Task data:
┌────────

Ltac auto_derive_C_step :=
  lazymatch goal with
  | |- is_derive_C (fun _ => ?c) _ _ => apply is_derive_C_const
  | |- is_derive_C (fun x => Cplus _ _) _ _ => apply is_derive_C_plus
  | |- is_derive_C (fun x => Cminus _ _) _ _ => apply is_derive_C_minus
  | |- is_derive_C (fun x => Copp _) _ _ => apply is_derive_C_opp
  | |- is_derive_C (fun x => Cmult _ _) _ _ => apply is_derive_C_mult
  | |- is_derive_C (fun x => Cinv _) _ _ => apply is_derive_C_inv
  | |- is_derive_C (fun x => RtoC (px (normalize (line ?j ?s x)))) _ _ =>
      apply (is_derive_C_coord e1 j s); assumption
  | |- is_derive_C (fun x => RtoC (py (normalize (line ?j ?s x)))) _ _ =>
      apply (is_derive_C_coord e2 j s); assumption
  | |- is_derive_C (fun x => RtoC (pz (normalize (line ?j ?s x)))) _ _ =>
      apply (is_derive_C_coord e3 j s); assumption
  end.

Ltac auto_derive_C :=
  unfold Zst, Zbar, Xt1, Xt2, Xt3, Cdiv;
  repeat match goal with |- is_derive_C _ _ _ => auto_derive_C_step end.

(* [nsatz] treats [x ^ n] as an atom, hence the expansion of powers before it. *)
Ltac sphere_identity s Hs :=
  let a := fresh "a" in let b := fresh "b" in let c := fresh "c" in
  destruct s as [[a b] c]; unfold on_sphere in Hs; cbn [px py pz fst snd] in *;
  assert (a * a + b * b + c * c = 1) by nra; clear Hs;
  repeat apply injective_projections; csimpl;
  field_simplify_eq; cbn [pow]; first [lra | nsatz].

(** * The stereographic coordinate *)

Lemma one_minus_RtoC_neq_0 (r : R) : r < 1 -> (1 - RtoC r)%C <> 0%C.
Proof. intros Hr E; apply (f_equal Re) in E; cbn in E; lra. Qed.

Lemma Cinv_neq_0 (z : C) : z <> 0%C -> (/ z)%C <> 0%C.
Proof. intros Hz E; apply C1_nz; now rewrite <- (Cinv_l z Hz), E, Cmult_0_l. Qed.

Lemma Ci_sqr : (Ci * Ci = -1)%C.
Proof. apply injective_projections; cbn; ring. Qed.

Lemma Cinv_Ci_div (w : C) : w <> 0%C -> (/ (2 * Ci / w))%C = (- Ci / 2 * w)%C.
Proof.
  intros Hw.
  assert (H2 : (2 : C) <> 0%C) by (intros E; injection E; lra).
  assert (H : (2 * Ci / w * (- Ci / 2 * w))%C = 1%C).
  { transitivity (- (Ci * Ci))%C; [field; auto | rewrite Ci_sqr; ring]. }
  rewrite <- (Cmult_1_r (/ _)), <- H, Cmult_assoc, Cinv_l, Cmult_1_l; [reflexivity |].
  intros E; rewrite E, Cmult_0_l in H; injection H; lra.
Qed.

Definition gradZ (q : pt) : cvec :=
  cscale (/ (1 - Xt3 q))%C (1 - Xt1 q * Zst q, Ci - Xt2 q * Zst q, Zst q - Xt3 q * Zst q)%C.

Definition gradZbar (q : pt) : cvec :=
  cscale (/ (1 - Xt3 q))%C (1 - Xt1 q * Zbar q, - Ci - Xt2 q * Zbar q, Zbar q - Xt3 q * Zbar q)%C.

Definition Wbar (q : pt) : C := (Xt1 q - Ci * Xt2 q)%C.

Definition gradWbar (q : pt) : cvec :=
  (1 - Xt1 q * Wbar q, - Ci - Xt2 q * Wbar q, - Xt3 q * Wbar q)%C.

(* d/dZ in ambient coordinates *)
Definition Ycirc_formula (q : pt) : cvec :=
  (/ 4 * ((1 - Xt3 q) * (1 - Xt3 q) - Wbar q * Wbar q),
   - Ci / 4 * ((1 - Xt3 q) * (1 - Xt3 q) + Wbar q * Wbar q),
   / 2 * Wbar q * (1 - Xt3 q))%C.

Section StereographicChart.

Variable s : pt.
Hypotheses (Hs : on_sphere s) (Hz : pz s < 1).

Lemma has_sgrad_Zst : has_sgrad Zst s (gradZ s).
Proof.
  intros j; pose proof (one_minus_RtoC_neq_0 _ Hz).
  eapply is_derive_C_eq; [auto_derive_C; now rewrite normalize_line_at |].
  cbv beta; rewrite normalize_line_at by exact Hs.
  unfold gradZ, Zst, Xt1, Xt2, Xt3; destruct j; cbn [ccomp cscale cv1 cv2 cv3 fst snd kron coord];
    rewrite ?RtoC_minus, ?RtoC_mult; field; auto.
Qed.

Lemma has_sgrad_Zbar : has_sgrad Zbar s (gradZbar s).
Proof.
  intros j; pose proof (one_minus_RtoC_neq_0 _ Hz).
  eapply is_derive_C_eq; [auto_derive_C; now rewrite normalize_line_at |].
  cbv beta; rewrite normalize_line_at by exact Hs.
  unfold gradZbar, Zbar, Xt1, Xt2, Xt3; destruct j; cbn [ccomp cscale cv1 cv2 cv3 fst snd kron coord];
    rewrite ?RtoC_minus, ?RtoC_mult; field; auto.
Qed.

└────────

Task objective: Across all the records, find the lines containing the word "injection" and reproduce each one.

Answer:
  assert (H2 : (2 : C) <> 0%C) by (intros E; injection E; lra).
  intros E; rewrite E, Cmult_0_l in H; injection H; lra.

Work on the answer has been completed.